Амината вышла из кухни с горячим блюдом и поставила его на стол. Разное меню каждый вечер, при этом даже не надо готовить — преимущество работы официанткой в ресторане «Форт» в соседней коммуне Обен. Ромен поймал ее руку и поцеловал. Его белая кожа на черной коже жены десять лет назад дала жизнь Лили, ребенку цвета карамели с глазами цвета лаванды. Впрочем, их браку удалось внести раздор между Роменом и его отцом, поскольку тот не жаловал смешения цветов, и даже появление Лили абсолютно ничего не изменило. С тех пор нога Пьера Валанта никогда не ступала в их дом, а сам он демонстративно шумно вздыхал, когда Ромен заводил речь о своем семействе. Таким образом, мужчины старались пересекаться как можно реже, и слова «отец» и «сын» практически исчезли из их речи. Пьер относился к сыну как к флику, а Ромен видел в отце только мэра Авалона. Все остальное упокоилось в области воспоминаний.
В прошлом остались совместные выезды на охоту. Приколотая к картонной коробке звезда шерифа. А фамильный дом возле озера слишком сильно скорбел по усопшей мадам Валант, от которой осталась лишь фотокарточка в рамке — совершенно одинаковая у каждого из мужчин.
— Ну и что потом? Она смягчилась? — спросила Амината.
— Я бы сказал, скорей, смирилась.
— И что, она осваивается в деревне?
— Как бы не так! — усмехнулся он. — Ей все еще кажется, что она в городе. Запирает на два оборота дом на озере, закрывает дверцы машины, если отходит хоть на пару метров, и ради мельчайшего расследования готова отправиться в крестовый поход. У меня впечатление, будто я работаю с миной замедленного действия. Я знаю, что она вот-вот взорвется, только мне неизвестно, когда именно. Но вот странно, это-то как раз меня не беспокоит.

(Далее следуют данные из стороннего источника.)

(* For each $n\ge1$ there is a bijection $\psi$ from the set of plane trees with $n$ edges to $\mathfrak S_n(132)$ such that, for every such tree $T$ and $\pi=\psi(T)$: (1) the number of young leaves of $T$ equals the number of double descents of the permutation $(n+1)\pi=(n+1,\pi_1,\dots,\pi_n)$; (2) the number of old leaves of $T$ equals the number of ascending runs of the permutation $\pi(n+1)=(\pi_1,\dots,\pi_n,n+1)$.
   Context: A plane tree is a rooted tree in which the children of each vertex are linearly ordered. A leaf is a vertex with no children; the one-vertex tree has no leaves. A leaf is old if it is the leftmost child of its parent, young otherwise. $\mathfrak S_n(132)$ is the set of permutations of $\{1,\dots,n\}$ with no indices $a<b<c$ such that $\pi_a<\pi_c<\pi_b$. For a sequence $\sigma$, a double descent is an index $i$ with $\sigma_i>\sigma_{i+1}>\sigma_{i+2}$, a double ascent is an index $i$ with $\sigma_i<\sigma_{i+1}<\sigma_{i+2}$, and an ascending run is a maximal increasing sequence $\sigma_i<\sigma_{i+1}<\cdots<\sigma_{i+k}$ of consecutive entries with $k\ge1$. *)

From mathcomp Require Import all_boot all_fingroup.
Set Implicit Arguments. Unset Strict Implicit. Unset Printing Implicit Defensive.

Inductive ptree : Type := Node : seq ptree -> ptree.

Definition is_leaf (t : ptree) : bool := if t is Node [::] then true else false.

Fixpoint edges (t : ptree) : nat :=
  let: Node ts := t in
  (fix f (l : seq ptree) : nat :=
     if l is u :: l' then (edges u).+1 + f l' else 0) ts.

(* old leaves: leaves that are the leftmost child of their parent *)
Fixpoint old_leaves (t : ptree) : nat :=
  let: Node ts := t in
  (if ts is u :: _ then is_leaf u else false) +
  (fix f (l : seq ptree) : nat :=
     if l is u :: l' then old_leaves u + f l' else 0) ts.

(* young leaves: leaves that are not the leftmost child of their parent *)
Fixpoint young_leaves (t : ptree) : nat :=
  let: Node ts := t in
  count is_leaf (behead ts) +
  (fix f (l : seq ptree) : nat :=
     if l is u :: l' then young_leaves u + f l' else 0) ts.

Definition avoids132 n (p : 'S_n) : bool :=
  ~~ [exists a : 'I_n, exists b : 'I_n, exists c : 'I_n,
        [&& a < b, b < c, p a < p c & p c < p b]].

(* one-line notation pi_1 ... pi_n with values in {1..n} *)
Definition oneline n (p : 'S_n) : seq nat := [seq (p i : nat).+1 | i <- enum 'I_n].

Definition ddes (s : seq nat) : nat :=
  count (fun i => (nth 0 s i > nth 0 s i.+1) && (nth 0 s i.+1 > nth 0 s i.+2))
        (iota 0 (size s - 2)).

(* number of ascending runs: maximal increasing runs of consecutive entries
   of length >= 2, counted by their starting index i: s_i < s_(i+1) and
   (i = 0 or s_(i-1) >= s_i) *)
Definition asc_runs (s : seq nat) : nat :=
  count (fun i => (nth 0 s i < nth 0 s i.+1) &&
                  ((i == 0) || (nth 0 s i.-1 >= nth 0 s i)))
        (iota 0 (size s).-1).

From mathcomp Require Import all_boot all_fingroup.
From mathcomp Require Import zify.
Set Implicit Arguments. Unset Strict Implicit. Unset Printing Implicit Defensive.

(* Cutting a plane tree T at the first child c of its root gives its word
     w(T) = (w(T') shifted up by e+1) ++ w(c) ++ [e+1],   e = edges c,
   where T' is T without c. Every entry before w(c) exceeds the last entry
   e+1 and every entry of w(c) is below it, which is exactly how a
   132-avoiding permutation of {1..n} splits around its last entry; hence w
   is a bijection onto S_n(132), inverted by splitting at the last entry.
   Cutting T instead at the last child S of its root gives
     w(T) = (w(S) shifted up by edges T') ++ [n] ++ w(T'),
   where T' is T without S, and both statistics split along this cut. In
   w(T) the entry n is preceded by a smaller entry unless S is a leaf, when
   it comes first, and followed by a smaller entry unless T' is a single
   vertex, when it comes last. So n creates a double descent of (n+1)w(T)
   exactly when S is a young leaf, and starts a new ascending run of
   w(T)(n+1) exactly when S is an old leaf. *)

(** * Double descents and ascending runs *)

Lemma ddes_cons x s :
  ddes (x :: s) = (if s is y :: z :: _ then (x > y) && (y > z) else false) + ddes s.
Proof.
case: s => [|y [|z t]] //; rewrite /ddes /= subn2 -[1]/(1 + 0) iotaDl count_map.
by congr (_ + _); apply: eq_count => i; rewrite /= add1n.
Qed.

(* [fresh] tells whether a run may start at the head of [s], i.e. whether the
   entry preceding it (if any) is not smaller. *)
Fixpoint asc_runs_rec (fresh : bool) (s : seq nat) : nat :=
  match s with
  | x :: ((y :: _) as t) => (fresh && (x < y)) + asc_runs_rec (y <= x) t
  | _ => 0
  end.

Lemma asc_runs_rec_cons2 fresh x y t :
  asc_runs_rec fresh [:: x, y & t] = (fresh && (x < y)) + asc_runs_rec (y <= x) (y :: t).
Proof. by []. Qed.

Lemma asc_runs_recE fresh s :
  asc_runs_rec fresh s =
  count (fun i => (nth 0 s i < nth 0 s i.+1) &&
                  (if i is j.+1 then nth 0 s i <= nth 0 s j else fresh))
        (iota 0 (size s).-1).
Proof.
elim: s fresh => [|x [|y t] IH] fresh //.
rewrite asc_runs_rec_cons2 IH /= -[1]/(1 + 0) iotaDl count_map andbC.
by congr (_ + _); apply: eq_count => -[|i].
Qed.

Lemma asc_runsE s : asc_runs s = asc_runs_rec true s.
Proof. by rewrite asc_runs_recE; apply: eq_count => -[|i] /=; rewrite ?andbT. Qed.

Lemma ddes_shift b s : ddes (map (addn b) s) = ddes s.
Proof.
elim: s => // x s IH; rewrite map_cons !ddes_cons IH.
by case: s {IH} => [|y [|z t]] //=; rewrite !ltn_add2l.
Qed.

Lemma ddes_cat_ascent x u y v : last x u < y ->
  ddes (x :: u ++ y :: v) = ddes (x :: u) + ddes (y :: v).
Proof.
elim: u x => [|x2 u IH] x /= ltxy.
  by rewrite ddes_cons ltnNge (ltnW ltxy) [ddes [:: x]]ddes_cons; case: v.
rewrite ddes_cons IH // [ddes [:: x, x2 & u]]ddes_cons addnA.
by case: u {IH} ltxy => [|z u] //= ltx2y; rewrite [y < x2]ltnNge (ltnW ltx2y) andbF.
Qed.

Lemma asc_runs_rec_shift b fresh s :
  asc_runs_rec fresh (map (addn b) s) = asc_runs_rec fresh s.
Proof.
elim: s fresh => [|x [|y t] IH] fresh //.
by rewrite !map_cons asc_runs_rec_cons2 -map_cons IH ltn_add2l leq_add2l.
Qed.

Lemma asc_runs_rec_cat_descent fresh x u y v : y <= last x u ->
  asc_runs_rec fresh (x :: u ++ y :: v) =
  asc_runs_rec fresh (x :: u) + asc_runs_rec true (y :: v).
Proof.
elim: u x fresh => [|x2 u IH] x fresh leyx.
  by rewrite cat0s asc_runs_rec_cons2 leyx ltnNge leyx andbF.
by rewrite cat_cons asc_runs_rec_cons2 -cat_cons IH // asc_runs_rec_cons2 addnA.
Qed.

Lemma asc_runs_rec_extend_ascent fresh u x y z : x < y -> y < z ->
  asc_runs_rec fresh (u ++ [:: x; y; z]) = asc_runs_rec fresh (u ++ [:: x; y]).
Proof.
move=> ltxy ltyz; elim: u fresh => [|w u IH] fresh.
  by rewrite /= [y <= x]leqNgt ltxy.
case: u IH => [|a u] IH; first by rewrite /= [y <= x]leqNgt ltxy.
by rewrite !cat_cons !asc_runs_rec_cons2 -!cat_cons IH.
Qed.

(** * Plane trees *)

Lemma ptree_cons_ind (P : ptree -> Prop) : P (Node [::]) ->
  (forall c ts, P c -> P (Node ts) -> P (Node (c :: ts))) -> forall T, P T.
Proof.
move=> Pleaf Pcons; fix IH 1 => -[ts].
elim: ts => [|c ts IHts]; [exact: Pleaf | exact: (Pcons c ts (IH c) IHts)].
Qed.

Lemma edgesE ts : edges (Node ts) = sumn [seq (edges u).+1 | u <- ts].
Proof. by elim: ts => //= u ts ->. Qed.

Lemma young_leavesE ts :
  young_leaves (Node ts) = count is_leaf (behead ts) + sumn (map young_leaves ts).
Proof. by rewrite /=; congr (_ + _); elim: ts => //= u ts ->. Qed.

Lemma old_leavesE ts : old_leaves (Node ts) =
  (if ts is u :: _ then is_leaf u else false) + sumn (map old_leaves ts).
Proof. by rewrite /=; congr (_ + _); elim: ts => //= u ts ->. Qed.

Lemma edges_cons c ts : edges (Node (c :: ts)) = (edges c).+1 + edges (Node ts).
Proof. by []. Qed.

Lemma edges_rcons ts S : edges (Node (rcons ts S)) = (edges (Node ts) + edges S).+1.
Proof. by rewrite !edgesE map_rcons -cats1 sumn_cat /= addn0 addnS. Qed.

Привлеченная распространившимся по гостиной дивным ароматом, Лили оставила свои приключения и устроилась за столом. Алиго — картофельное пюре, запеченное с расплавленным сыром «том» и приправленное чесноком, было подано с куском толстой и сочной колбасы. Снаружи по черепичной крыше скребли ветки, словно им тоже хотелось разделить трапезу с хозяевами дома.
— Мне кажется, у нее случаются провалы в памяти, — продолжал Ромен. — Забывчивость. У нее не все запечатлевается. Иногда я ощущаю, что она теряет над собой контроль. Мне даже кажется, что ее раздражительность сильнее ее самой.
— Значит, ты должен стать ее костылем. Подпоркой. Не позволяй больше никому прознать про ее слабости. Защищай ее. Ведь именно это делает помощник, верно?
— Да, именно это делает помощник. Что тут скажешь, я исполняю роль заплатки.
— Наверное, она ужасно страдает, — огорчилась Амината.
— Не думаю. Во всяком случае, она этого не показывает.
— Идиот, она страдает в душе.
Увидев, каким дурацким стало лицо ее папы, Лили громко расхохоталась, а потом, справившись со своей горкой пюре, как само собой разумеющееся, предложила:
— Пригласи ее в гости. Она ведь там одна-одинешенька.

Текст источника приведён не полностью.